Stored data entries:
# # # # # # #

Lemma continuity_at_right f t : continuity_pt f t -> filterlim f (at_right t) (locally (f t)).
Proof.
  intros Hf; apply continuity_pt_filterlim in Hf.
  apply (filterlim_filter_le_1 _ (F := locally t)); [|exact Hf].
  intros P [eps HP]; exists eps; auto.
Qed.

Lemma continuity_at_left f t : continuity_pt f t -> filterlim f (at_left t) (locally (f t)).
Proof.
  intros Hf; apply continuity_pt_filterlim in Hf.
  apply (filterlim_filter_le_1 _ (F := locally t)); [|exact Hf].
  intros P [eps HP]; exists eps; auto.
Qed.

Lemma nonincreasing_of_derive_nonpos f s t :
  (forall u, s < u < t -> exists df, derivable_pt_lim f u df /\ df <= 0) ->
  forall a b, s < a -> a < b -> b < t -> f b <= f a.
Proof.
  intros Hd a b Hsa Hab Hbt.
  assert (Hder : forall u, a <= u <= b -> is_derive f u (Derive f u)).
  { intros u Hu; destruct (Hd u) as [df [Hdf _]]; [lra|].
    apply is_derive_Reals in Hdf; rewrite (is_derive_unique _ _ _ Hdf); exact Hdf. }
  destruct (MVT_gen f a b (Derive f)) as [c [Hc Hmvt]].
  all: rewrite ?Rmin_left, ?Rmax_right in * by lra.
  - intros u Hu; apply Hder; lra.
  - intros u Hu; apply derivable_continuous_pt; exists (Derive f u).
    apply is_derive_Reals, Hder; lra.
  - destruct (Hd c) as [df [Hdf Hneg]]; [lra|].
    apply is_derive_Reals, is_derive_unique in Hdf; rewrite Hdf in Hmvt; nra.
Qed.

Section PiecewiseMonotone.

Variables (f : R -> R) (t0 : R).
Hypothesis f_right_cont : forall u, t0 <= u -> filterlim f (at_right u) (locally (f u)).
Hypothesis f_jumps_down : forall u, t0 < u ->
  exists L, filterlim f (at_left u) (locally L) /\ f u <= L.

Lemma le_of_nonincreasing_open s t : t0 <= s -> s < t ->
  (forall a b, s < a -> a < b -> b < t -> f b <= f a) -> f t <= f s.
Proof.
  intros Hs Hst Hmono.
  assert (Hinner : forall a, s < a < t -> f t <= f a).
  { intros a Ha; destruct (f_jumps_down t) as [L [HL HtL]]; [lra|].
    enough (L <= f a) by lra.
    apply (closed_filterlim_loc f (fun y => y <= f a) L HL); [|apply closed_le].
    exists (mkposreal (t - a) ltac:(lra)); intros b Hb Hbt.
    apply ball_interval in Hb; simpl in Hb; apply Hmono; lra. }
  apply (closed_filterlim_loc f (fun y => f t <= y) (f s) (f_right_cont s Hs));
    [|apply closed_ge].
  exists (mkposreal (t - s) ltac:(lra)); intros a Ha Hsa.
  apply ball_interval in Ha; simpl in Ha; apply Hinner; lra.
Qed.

# # # # # # #

### Work order
Repeat the records above exactly, with nothing left out.

### Answer to the exercise
Lemma continuity_at_right f t : continuity_pt f t -> filterlim f (at_right t) (locally (f t)).
Proof.
  intros Hf; apply continuity_pt_filterlim in Hf.
  apply (filterlim_filter_le_1 _ (F := locally t)); [|exact Hf].
  intros P [eps HP]; exists eps; auto.
Qed.

Lemma continuity_at_left f t : continuity_pt f t -> filterlim f (at_left t) (locally (f t)).
Proof.
  intros Hf; apply continuity_pt_filterlim in Hf.
  apply (filterlim_filter_le_1 _ (F := locally t)); [|exact Hf].
  intros P [eps HP]; exists eps; auto.
Qed.

Lemma nonincreasing_of_derive_nonpos f s t :
  (forall u, s < u < t -> exists df, derivable_pt_lim f u df /\ df <= 0) ->
  forall a b, s < a -> a < b -> b < t -> f b <= f a.
Proof.
  intros Hd a b Hsa Hab Hbt.
  assert (Hder : forall u, a <= u <= b -> is_derive f u (Derive f u)).
  { intros u Hu; destruct (Hd u) as [df [Hdf _]]; [lra|].
    apply is_derive_Reals in Hdf; rewrite (is_derive_unique _ _ _ Hdf); exact Hdf. }
  destruct (MVT_gen f a b (Derive f)) as [c [Hc Hmvt]].
  all: rewrite ?Rmin_left, ?Rmax_right in * by lra.
  - intros u Hu; apply Hder; lra.
  - intros u Hu; apply derivable_continuous_pt; exists (Derive f u).
    apply is_derive_Reals, Hder; lra.
  - destruct (Hd c) as [df [Hdf Hneg]]; [lra|].
    apply is_derive_Reals, is_derive_unique in Hdf; rewrite Hdf in Hmvt; nra.
Qed.

Section PiecewiseMonotone.

Variables (f : R -> R) (t0 : R).
Hypothesis f_right_cont : forall u, t0 <= u -> filterlim f (at_right u) (locally (f u)).
Hypothesis f_jumps_down : forall u, t0 < u ->
  exists L, filterlim f (at_left u) (locally L) /\ f u <= L.

Lemma le_of_nonincreasing_open s t : t0 <= s -> s < t ->
  (forall a b, s < a -> a < b -> b < t -> f b <= f a) -> f t <= f s.
Proof.
  intros Hs Hst Hmono.
  assert (Hinner : forall a, s < a < t -> f t <= f a).
  { intros a Ha; destruct (f_jumps_down t) as [L [HL HtL]]; [lra|].
    enough (L <= f a) by lra.
    apply (closed_filterlim_loc f (fun y => y <= f a) L HL); [|apply closed_le].
    exists (mkposreal (t - a) ltac:(lra)); intros b Hb Hbt.
    apply ball_interval in Hb; simpl in Hb; apply Hmono; lra. }
  apply (closed_filterlim_loc f (fun y => f t <= y) (f s) (f_right_cont s Hs));
    [|apply closed_ge].
  exists (mkposreal (t - s) ltac:(lra)); intros a Ha Hsa.
  apply ball_interval in Ha; simpl in Ha; apply Hinner; lra.
Qed.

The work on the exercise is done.